WORK TO COMPLETE: As the lines appear below, please set them down exactly, starting at the first and finishing with the one containing "rewrite big_split lerD2l;".

INFORMATION:
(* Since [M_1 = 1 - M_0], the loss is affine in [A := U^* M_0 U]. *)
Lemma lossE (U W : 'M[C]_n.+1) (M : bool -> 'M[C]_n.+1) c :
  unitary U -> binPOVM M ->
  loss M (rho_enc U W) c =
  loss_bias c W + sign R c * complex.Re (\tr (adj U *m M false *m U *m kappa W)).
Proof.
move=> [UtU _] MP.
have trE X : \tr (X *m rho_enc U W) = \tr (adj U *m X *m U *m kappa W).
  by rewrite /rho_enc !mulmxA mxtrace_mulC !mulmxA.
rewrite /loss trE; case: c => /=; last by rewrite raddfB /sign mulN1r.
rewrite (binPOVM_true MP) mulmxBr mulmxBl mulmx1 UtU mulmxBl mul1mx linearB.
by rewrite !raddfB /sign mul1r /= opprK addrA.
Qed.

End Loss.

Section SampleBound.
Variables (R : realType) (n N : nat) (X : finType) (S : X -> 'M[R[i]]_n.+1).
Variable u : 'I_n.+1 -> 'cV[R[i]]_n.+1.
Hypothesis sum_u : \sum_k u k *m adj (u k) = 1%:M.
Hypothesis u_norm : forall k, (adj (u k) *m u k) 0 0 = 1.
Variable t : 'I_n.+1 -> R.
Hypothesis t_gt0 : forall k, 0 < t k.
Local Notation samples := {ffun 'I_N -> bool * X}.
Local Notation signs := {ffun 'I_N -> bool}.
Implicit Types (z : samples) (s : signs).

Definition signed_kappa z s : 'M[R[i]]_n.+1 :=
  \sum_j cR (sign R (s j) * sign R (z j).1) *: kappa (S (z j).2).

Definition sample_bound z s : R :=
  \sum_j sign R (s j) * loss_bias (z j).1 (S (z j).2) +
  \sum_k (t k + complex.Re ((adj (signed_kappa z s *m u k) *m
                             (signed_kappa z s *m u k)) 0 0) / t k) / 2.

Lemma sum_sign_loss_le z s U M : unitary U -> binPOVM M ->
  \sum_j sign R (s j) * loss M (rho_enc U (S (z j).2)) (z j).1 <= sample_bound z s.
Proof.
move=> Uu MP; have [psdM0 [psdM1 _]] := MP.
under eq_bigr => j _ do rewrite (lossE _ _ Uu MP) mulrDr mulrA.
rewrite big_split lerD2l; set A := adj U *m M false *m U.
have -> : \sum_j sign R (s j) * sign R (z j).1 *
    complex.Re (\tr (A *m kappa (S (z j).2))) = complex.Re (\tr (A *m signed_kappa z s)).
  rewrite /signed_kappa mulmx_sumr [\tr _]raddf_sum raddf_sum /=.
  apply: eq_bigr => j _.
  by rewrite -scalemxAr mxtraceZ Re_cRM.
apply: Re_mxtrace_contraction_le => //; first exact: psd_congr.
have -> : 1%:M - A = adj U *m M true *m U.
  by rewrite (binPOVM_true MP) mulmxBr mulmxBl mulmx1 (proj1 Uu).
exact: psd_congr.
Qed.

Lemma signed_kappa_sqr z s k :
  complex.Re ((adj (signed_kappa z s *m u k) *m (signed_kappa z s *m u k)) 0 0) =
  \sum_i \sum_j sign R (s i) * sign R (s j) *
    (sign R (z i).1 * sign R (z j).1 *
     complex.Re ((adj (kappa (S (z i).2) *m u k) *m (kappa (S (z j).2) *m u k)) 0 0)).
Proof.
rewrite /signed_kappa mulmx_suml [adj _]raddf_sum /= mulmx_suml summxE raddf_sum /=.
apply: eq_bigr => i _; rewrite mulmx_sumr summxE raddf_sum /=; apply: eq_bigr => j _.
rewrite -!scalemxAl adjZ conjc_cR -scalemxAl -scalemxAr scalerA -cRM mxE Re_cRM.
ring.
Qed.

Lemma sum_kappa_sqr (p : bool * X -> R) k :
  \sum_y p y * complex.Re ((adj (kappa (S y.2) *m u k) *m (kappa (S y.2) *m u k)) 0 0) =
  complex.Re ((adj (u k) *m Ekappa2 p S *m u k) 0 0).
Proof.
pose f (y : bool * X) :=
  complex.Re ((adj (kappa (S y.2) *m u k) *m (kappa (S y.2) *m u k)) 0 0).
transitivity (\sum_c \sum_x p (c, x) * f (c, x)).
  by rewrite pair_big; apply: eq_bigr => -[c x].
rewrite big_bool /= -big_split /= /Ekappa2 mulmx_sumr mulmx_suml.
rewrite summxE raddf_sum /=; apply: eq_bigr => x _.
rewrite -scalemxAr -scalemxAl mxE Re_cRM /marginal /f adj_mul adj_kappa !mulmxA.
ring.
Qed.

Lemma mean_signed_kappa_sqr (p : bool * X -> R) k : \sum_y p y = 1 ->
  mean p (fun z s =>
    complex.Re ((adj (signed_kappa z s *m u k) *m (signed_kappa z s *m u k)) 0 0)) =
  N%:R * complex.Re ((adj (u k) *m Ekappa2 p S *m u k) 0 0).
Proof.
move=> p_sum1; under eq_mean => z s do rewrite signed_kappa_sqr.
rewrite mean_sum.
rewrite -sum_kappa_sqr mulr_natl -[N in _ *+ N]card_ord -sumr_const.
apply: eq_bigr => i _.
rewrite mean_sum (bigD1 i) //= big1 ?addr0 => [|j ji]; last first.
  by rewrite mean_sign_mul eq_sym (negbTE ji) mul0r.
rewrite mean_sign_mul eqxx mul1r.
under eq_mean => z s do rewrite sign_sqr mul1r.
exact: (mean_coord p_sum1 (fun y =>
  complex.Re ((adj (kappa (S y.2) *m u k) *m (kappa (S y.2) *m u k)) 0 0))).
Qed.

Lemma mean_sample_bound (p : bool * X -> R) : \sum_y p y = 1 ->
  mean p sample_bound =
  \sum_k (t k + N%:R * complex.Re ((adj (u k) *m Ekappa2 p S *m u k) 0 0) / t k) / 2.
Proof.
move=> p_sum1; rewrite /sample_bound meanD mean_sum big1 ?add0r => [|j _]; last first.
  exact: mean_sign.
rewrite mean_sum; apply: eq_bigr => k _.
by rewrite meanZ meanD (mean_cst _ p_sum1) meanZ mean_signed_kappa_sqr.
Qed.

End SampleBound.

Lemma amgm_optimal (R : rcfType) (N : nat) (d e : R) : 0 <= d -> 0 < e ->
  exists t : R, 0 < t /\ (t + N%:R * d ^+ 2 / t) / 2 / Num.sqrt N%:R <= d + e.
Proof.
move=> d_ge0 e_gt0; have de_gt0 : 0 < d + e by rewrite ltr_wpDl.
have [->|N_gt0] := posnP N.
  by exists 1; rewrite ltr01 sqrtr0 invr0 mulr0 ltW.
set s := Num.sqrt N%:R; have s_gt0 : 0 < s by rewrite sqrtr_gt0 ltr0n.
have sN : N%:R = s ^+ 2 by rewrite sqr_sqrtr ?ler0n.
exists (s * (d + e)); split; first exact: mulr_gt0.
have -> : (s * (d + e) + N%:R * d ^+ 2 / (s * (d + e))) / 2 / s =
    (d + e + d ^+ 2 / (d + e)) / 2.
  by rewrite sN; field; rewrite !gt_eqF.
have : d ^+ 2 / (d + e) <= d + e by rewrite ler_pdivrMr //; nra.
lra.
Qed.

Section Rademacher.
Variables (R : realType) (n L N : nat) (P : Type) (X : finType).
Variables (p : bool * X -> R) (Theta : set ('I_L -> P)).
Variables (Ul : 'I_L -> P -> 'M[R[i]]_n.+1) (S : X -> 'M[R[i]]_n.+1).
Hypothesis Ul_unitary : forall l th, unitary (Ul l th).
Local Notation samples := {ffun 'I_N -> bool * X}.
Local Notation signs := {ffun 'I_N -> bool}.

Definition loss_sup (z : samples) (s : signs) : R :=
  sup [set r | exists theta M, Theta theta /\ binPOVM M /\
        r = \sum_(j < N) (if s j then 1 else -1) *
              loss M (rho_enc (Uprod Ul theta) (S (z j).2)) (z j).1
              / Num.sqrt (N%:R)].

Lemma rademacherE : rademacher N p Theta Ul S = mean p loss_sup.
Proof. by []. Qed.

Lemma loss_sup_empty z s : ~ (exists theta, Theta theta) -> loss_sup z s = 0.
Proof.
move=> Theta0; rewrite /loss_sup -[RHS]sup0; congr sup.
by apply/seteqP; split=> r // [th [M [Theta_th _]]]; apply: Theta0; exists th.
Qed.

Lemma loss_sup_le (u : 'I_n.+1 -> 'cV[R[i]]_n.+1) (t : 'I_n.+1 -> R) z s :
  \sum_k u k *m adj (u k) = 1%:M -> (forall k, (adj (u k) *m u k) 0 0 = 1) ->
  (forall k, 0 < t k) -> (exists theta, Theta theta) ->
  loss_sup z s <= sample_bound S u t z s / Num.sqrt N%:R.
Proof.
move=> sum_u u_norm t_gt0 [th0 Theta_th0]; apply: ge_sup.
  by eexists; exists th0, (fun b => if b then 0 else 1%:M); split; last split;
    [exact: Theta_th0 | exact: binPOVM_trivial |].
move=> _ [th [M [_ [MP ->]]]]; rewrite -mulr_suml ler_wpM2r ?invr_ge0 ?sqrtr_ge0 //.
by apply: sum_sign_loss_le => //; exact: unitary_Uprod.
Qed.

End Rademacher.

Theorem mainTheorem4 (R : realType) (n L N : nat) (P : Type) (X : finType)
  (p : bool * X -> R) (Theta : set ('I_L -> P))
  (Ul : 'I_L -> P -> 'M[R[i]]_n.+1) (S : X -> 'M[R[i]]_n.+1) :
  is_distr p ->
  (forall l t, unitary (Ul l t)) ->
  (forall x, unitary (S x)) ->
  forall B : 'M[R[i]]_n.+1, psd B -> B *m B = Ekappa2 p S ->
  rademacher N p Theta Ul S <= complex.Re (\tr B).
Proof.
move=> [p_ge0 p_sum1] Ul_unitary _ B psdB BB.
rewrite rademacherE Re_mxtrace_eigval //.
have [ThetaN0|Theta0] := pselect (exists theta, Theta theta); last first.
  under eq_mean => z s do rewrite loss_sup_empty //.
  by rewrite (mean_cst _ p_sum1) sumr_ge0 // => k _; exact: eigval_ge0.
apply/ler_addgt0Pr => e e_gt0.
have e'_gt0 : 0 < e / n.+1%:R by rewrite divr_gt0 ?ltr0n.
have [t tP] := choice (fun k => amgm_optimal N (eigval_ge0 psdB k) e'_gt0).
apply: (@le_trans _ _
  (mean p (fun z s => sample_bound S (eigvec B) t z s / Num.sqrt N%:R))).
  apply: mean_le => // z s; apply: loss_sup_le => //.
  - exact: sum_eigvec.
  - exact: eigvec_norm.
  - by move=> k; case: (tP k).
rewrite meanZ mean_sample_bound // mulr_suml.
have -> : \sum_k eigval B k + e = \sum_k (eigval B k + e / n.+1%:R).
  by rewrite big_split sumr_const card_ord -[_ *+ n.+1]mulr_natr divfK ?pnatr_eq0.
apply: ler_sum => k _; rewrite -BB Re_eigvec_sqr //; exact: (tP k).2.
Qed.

OUTPUT OF THE TASK:
(* Since [M_1 = 1 - M_0], the loss is affine in [A := U^* M_0 U]. *)
Lemma lossE (U W : 'M[C]_n.+1) (M : bool -> 'M[C]_n.+1) c :
  unitary U -> binPOVM M ->
  loss M (rho_enc U W) c =
  loss_bias c W + sign R c * complex.Re (\tr (adj U *m M false *m U *m kappa W)).
Proof.
move=> [UtU _] MP.
have trE X : \tr (X *m rho_enc U W) = \tr (adj U *m X *m U *m kappa W).
  by rewrite /rho_enc !mulmxA mxtrace_mulC !mulmxA.
rewrite /loss trE; case: c => /=; last by rewrite raddfB /sign mulN1r.
rewrite (binPOVM_true MP) mulmxBr mulmxBl mulmx1 UtU mulmxBl mul1mx linearB.
by rewrite !raddfB /sign mul1r /= opprK addrA.
Qed.

End Loss.

Section SampleBound.
Variables (R : realType) (n N : nat) (X : finType) (S : X -> 'M[R[i]]_n.+1).
Variable u : 'I_n.+1 -> 'cV[R[i]]_n.+1.
Hypothesis sum_u : \sum_k u k *m adj (u k) = 1%:M.
Hypothesis u_norm : forall k, (adj (u k) *m u k) 0 0 = 1.
Variable t : 'I_n.+1 -> R.
Hypothesis t_gt0 : forall k, 0 < t k.
Local Notation samples := {ffun 'I_N -> bool * X}.
Local Notation signs := {ffun 'I_N -> bool}.
Implicit Types (z : samples) (s : signs).

Definition signed_kappa z s : 'M[R[i]]_n.+1 :=
  \sum_j cR (sign R (s j) * sign R (z j).1) *: kappa (S (z j).2).

Definition sample_bound z s : R :=
  \sum_j sign R (s j) * loss_bias (z j).1 (S (z j).2) +
  \sum_k (t k + complex.Re ((adj (signed_kappa z s *m u k) *m
                             (signed_kappa z s *m u k)) 0 0) / t k) / 2.

Lemma sum_sign_loss_le z s U M : unitary U -> binPOVM M ->
  \sum_j sign R (s j) * loss M (rho_enc U (S (z j).2)) (z j).1 <= sample_bound z s.
Proof.
move=> Uu MP; have [psdM0 [psdM1 _]] := MP.
under eq_bigr => j _ do rewrite (lossE _ _ Uu MP) mulrDr mulrA.
rewrite big_split lerD2l; set A := adj U *m M false *m U.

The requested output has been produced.